Alright, so I've got an old style iMac that I got about three years ago. I'm trying to set it up through my network, and it's got a built in Ethernet port on the side.

I have it plugged in, but that's pretty much all I know how to do. I tried connecting to a website, but it gives me an error that say "The specified server could not be found". 

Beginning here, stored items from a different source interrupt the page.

Lemma infinite_pigeonhole (c : nat -> bool) :
  exists b rho, increasing rho /\ forall j, c (rho j) = b.
Proof.
  destruct (classic (forall N, exists n, N <= n /\ c n = true)) as [HA|HA].
  - set (next := fun N => proj1_sig (constructive_indefinite_description _ (HA N))).
    assert (Hn : forall N, N <= next N /\ c (next N) = true)
      by (intro N; exact (proj2_sig (constructive_indefinite_description _ (HA N)))).
    set (rho := fix rho j := match j with 0 => next 0 | S j => next (S (rho j)) end).
    exists true, rho; split.
    + assert (Hstep : forall j, rho j < rho (S j)) by (intro j; apply Hn).
      intros a b h; induction h; [apply Hstep|]; specialize (Hstep m); lia.
    + intros [|j]; apply Hn.
  - apply not_all_ex_not in HA as [N HN].
    exists false, (fun j => N + j); split; [intros a b h; lia|].
    intro j; destruct (c (N + j)) eqn:E; auto.
    exfalso; apply HN; exists (N + j); split; auto; lia.
Qed.

Section Tower.

Variable step : (nat -> nat) -> nat -> nat.
Hypothesis step_increasing : forall t, increasing (step t).

(* The infinite sets of the usual proof of Ramsey's theorem, as enumerations:
   [tower (S n)] enumerates the part of [tower n] selected by [step (tower n)],
   after its least element has been removed. *)
Fixpoint tower (n : nat) : nat -> nat :=
  match n with 0 => fun i => i | S n => fun i => tower n (S (step (tower n) i)) end.

Fixpoint tower_offset (n d : nat) : nat -> nat :=
  match d with
  | 0 => fun i => i
  | S d => fun i => tower_offset n d (S (step (tower (n + d)) i))
  end.

Lemma tower_increasing n : increasing (tower n).
Proof.
  induction n; intros a b h; simpl; auto.
  apply IHn; specialize (step_increasing (tower n) a b h); lia.
Qed.

Lemma tower_add n d i : tower (n + d) i = tower n (tower_offset n d i).
Proof.
  revert i; induction d; intro i; [now rewrite Nat.add_0_r|].
  rewrite Nat.add_succ_r; simpl; apply IHd.
Qed.

Lemma tower_offset_ge n d i : d + i <= tower_offset n d i.
Proof.
  revert i; induction d; intro i; simpl; [lia|].
  specialize (IHd (S (step (tower (n + d)) i))).
  pose proof (increasing_ge _ i (step_increasing (tower (n + d)))); lia.
Qed.

End Tower.

Definition homogeneous k (c : list nat -> bool) (s : nat -> nat) (b : bool) :=
  forall idx, length idx = k -> ascending idx -> c (map s idx) = b.

Definition link (c : list nat -> bool) (t : nat -> nat) (l : list nat) :=
  c (t 0 :: map (fun i => t (S i)) l).

Lemma ramsey_step k :
  (forall c, exists s b, increasing s /\ homogeneous k c s b) ->
  forall c, exists s b, increasing s /\ homogeneous (S k) c s b.
Proof.
  intros IH c.
  assert (IH' : forall t, exists p : (nat -> nat) * bool,
             increasing (fst p) /\ homogeneous k (link c t) (fst p) (snd p))
    by (intro t; destruct (IH (link c t)) as (s & b & ?); now exists (s, b)).
  set (sel := fun t => proj1_sig (constructive_indefinite_description _ (IH' t))).
  assert (Hsel : forall t, increasing (fst (sel t)) /\
                           homogeneous k (link c t) (fst (sel t)) (snd (sel t)))
    by (intro t; exact (proj2_sig (constructive_indefinite_description _ (IH' t)))).
  set (step := fun t => fst (sel t)).
  assert (Hstep : forall t, increasing (step t)) by (intro t; apply Hsel).
  set (tau := tower step).
  destruct (infinite_pigeonhole (fun n => snd (sel (tau n)))) as (b & rho & Hrho & Hb).
  set (s := fun j => tau (rho j) 0).
  assert (Hs_from : forall n j, n <= rho j -> s j = tau n (tower_offset step n (rho j - n) 0)).
  { intros n j h; unfold s, tau; rewrite <- tower_add; f_equal; lia. }
  assert (Hs : increasing s).
  { intros a a' h; pose proof (Hrho _ _ h).
    rewrite (Hs_from (rho a) a') by lia; apply tower_increasing; auto.
    pose proof (tower_offset_ge step Hstep (rho a) (rho a' - rho a) 0); lia. }
  exists s, b; split; auto.
  intros [|i0 rest] Hl Hasc; [discriminate|]; injection Hl as Hl.
  destruct (ascending_cons _ _ Hasc) as [Hrest Hgt].
  set (n := rho i0).
  set (idx := map (fun i => tower_offset step (S n) (rho i - S n) 0) rest).
  assert (Hmap : map s rest = map (tau (S n)) idx).
  { unfold idx; rewrite map_map; apply map_ext_in; intros i Hi.
    apply Hs_from; specialize (Hrho _ _ (Hgt i Hi)); unfold n; lia. }
  assert (Hidx : ascending idx).
  { apply (ascending_map_reflect (tau (S n))); [now apply tower_increasing|].
    rewrite <- Hmap; now apply ascending_map. }
  rewrite <- (Hb i0); change (c (tau n 0 :: map s rest) = snd (sel (tau n))).
  rewrite Hmap; transitivity (link c (tau n) (map (step (tau n)) idx)).
  - unfold link; now rewrite map_map.
  - apply Hsel; auto; unfold idx; now rewrite length_map.
Qed.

Okay, so basically, I'm a Mac newbie. I have plenty of experience with PCs, but Macs are another story. So, if anyone can help, please give me extremely detailed instructions. Thanks in advance. I've attached the same model of my iMac.


----------



## cdjeff (Mar 14, 2005)

FWIW: I had a Linksys router.... finally ended up trashing it. Mainly because the Mac support from Linksys was so poor. Have gotten excellent support with my Apple Airport Extreme. Had spent more than 2 weeks going around and around with Linksys and Verizon DSL. Everyone pointing the finger at someone else. Linksys doesn't seem to train it's Mac support team adequately in my opinion. I just didn't have more weeks of time to spend solving my connection difficulties.


----------



## Raijin Z (Mar 9, 2005)

Have you tried manually setting the IP, subnet, and gateway for the iMac? I know I had to do that with mine to get it online through my network....


----------